(* Let $\epsilon=\mu=\gamma=\chi=1$, $M>0$, $T>0$. Consider the Crank–Nicolson bound-preserving scheme started from $0\le\rho_h^0\le M$ (nodewise), $c_h^0\in X_h$, with $\rho_h^{-1}=\rho_h^0$, $c_h^{-1}=\tilde c_h^0=c_h^0$, $\lambda_h^0\equiv0$, $\xi_h^0=0$. Then there is a constant $C>0$ depending only on $M$ and $T$ such that for all $m\ge1$ with $m\delta t\le T$, $$\|\rho_h^m\|^2+\|\nabla_hc_h^m\|^2+\delta t\sum_{n=0}^{m-1}\|\Delta_h\tilde c_h^{n+\frac12}\|^2+\tfrac{\delta t^2}4\|\lambda_h^mg'(\rho_h^m)+\xi_h^m\|^2+\delta t\sum_{n=0}^{m-1}\|\nabla_h\tilde\rho_h^{n+\frac12}\|^2\le C\big(\|\rho_h^0\|^2+\|\nabla_hc_h^0\|^2\big).$$
   Context: Discrete setting: $\Sigma_h$ finite set of nodes in $\bar\Omega\subset\mathbb R^d$; $X_h$ = real grid functions on $\Sigma_h$, nonlinear functions act pointwise. $[u,v]=\sum_z\beta_zu(z)v(z)$, $\beta_z>0$ (vector version $\sum_z\beta_zw(z)\cdot w'(z)$), $\|u\|=[u,u]^{1/2}$, $|\Omega|=[1,1]$. $\nabla_h,\nabla_h\cdot$ satisfy $[\nabla_h\cdot w,v]=-[w,\nabla_hv]$, $\nabla_h1=0$ (periodic boundary conditions); $\Delta_h=\nabla_h\cdot\nabla_h$. $\sigma,\delta t>0$. $\eta(\rho)=\frac{\rho(M-\rho)}M$, $g(\rho)=\rho(M-\rho)$, $g'(\rho)=M-2\rho$. Notation $\tilde c_h^{n+\frac12}=\frac{\tilde c_h^{n+1}+c_h^n}2$, $\tilde\rho_h^{n+\frac12}=\frac{\tilde\rho_h^{n+1}+\rho_h^n}2$, $\rho_h^{n+\frac12}=\frac{\rho_h^{n+1}+\rho_h^n}2$. Crank–Nicolson bound-preserving scheme ($\epsilon=\mu=\gamma=\chi=1$), for $n\ge0$: Step 1: $\frac{\tilde c_h^{n+1}-c_h^n}{\delta t}=\Delta_h\tilde c_h^{n+\frac12}+\frac32\rho_h^n-\frac12\rho_h^{n-1}$. Step 2: $\frac{\tilde\rho_h^{n+1}-\rho_h^n}{\delta t}=\Delta_h\tilde\rho_h^{n+\frac12}-\nabla_h\cdot(\eta(\frac32\rho_h^n-\frac12\rho_h^{n-1})\nabla_h(\frac32c_h^n-\frac12c_h^{n-1}))+\lambda_h^ng'(\rho_h^n)+\xi_h^n$. Step 3: find $\rho_h^{n+1},\lambda_h^{n+1}\in X_h$, $\xi_h^{n+1}\in\mathbb R$ with $\frac{\rho_h^{n+1}-\tilde\rho_h^{n+1}}{\delta t}=\frac{\lambda_h^{n+1}g'(\rho_h^{n+1})+\xi_h^{n+1}-\lambda_h^ng'(\rho_h^n)-\xi_h^n}2$ nodewise, $g(\rho_h^{n+1})\ge0$, $\lambda_h^{n+1}\ge0$, $\lambda_h^{n+1}g(\rho_h^{n+1})=0$ at every node, $[\rho_h^{n+1},1]=[\rho_h^0,1]$. Step 4: find $c_h^{n+1}$ and scalar $\theta_h^{n+\frac12}$ with $\frac{c_h^{n+1}-\tilde c_h^{n+1}}{\delta t}=\theta_h^{n+\frac12}$ and $\frac{E_h^{n+1}-E_h^n}{\delta t}=-[\eta(\rho_h^{n+\frac12})|\nabla_h(\log(\rho_h^{n+\frac12}+\sigma)-\tilde c_h^{n+\frac12})|^2+|\frac{\tilde c_h^{n+1}-\tilde c_h^n}{\delta t}|^2,1]$, where $E_h^j=[\rho_h^j\log(\rho_h^j+\sigma)+(M-\rho_h^j)\log(1-\rho_h^j/M+\sigma)-\rho_h^jc_h^j+\frac12|\nabla_hc_h^j|^2,1]$. *)

From mathcomp Require Import all_boot all_order all_algebra.
From mathcomp Require Import all_classical all_reals all_analysis.
Set Implicit Arguments. Unset Strict Implicit. Unset Printing Implicit Defensive.
Import Order.TTheory GRing.Theory Num.Theory.
Local Open Scope ring_scope.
§ §
Task statement:
Beginning with the line that contains "From mathcomp Require Import all_classical" and ending with the last line of the data above, return those lines exactly and nothing else.

Problem solution:
From mathcomp Require Import all_classical all_reals all_analysis.
Set Implicit Arguments. Unset Strict Implicit. Unset Printing Implicit Defensive.
Import Order.TTheory GRing.Theory Num.Theory.
Local Open Scope ring_scope.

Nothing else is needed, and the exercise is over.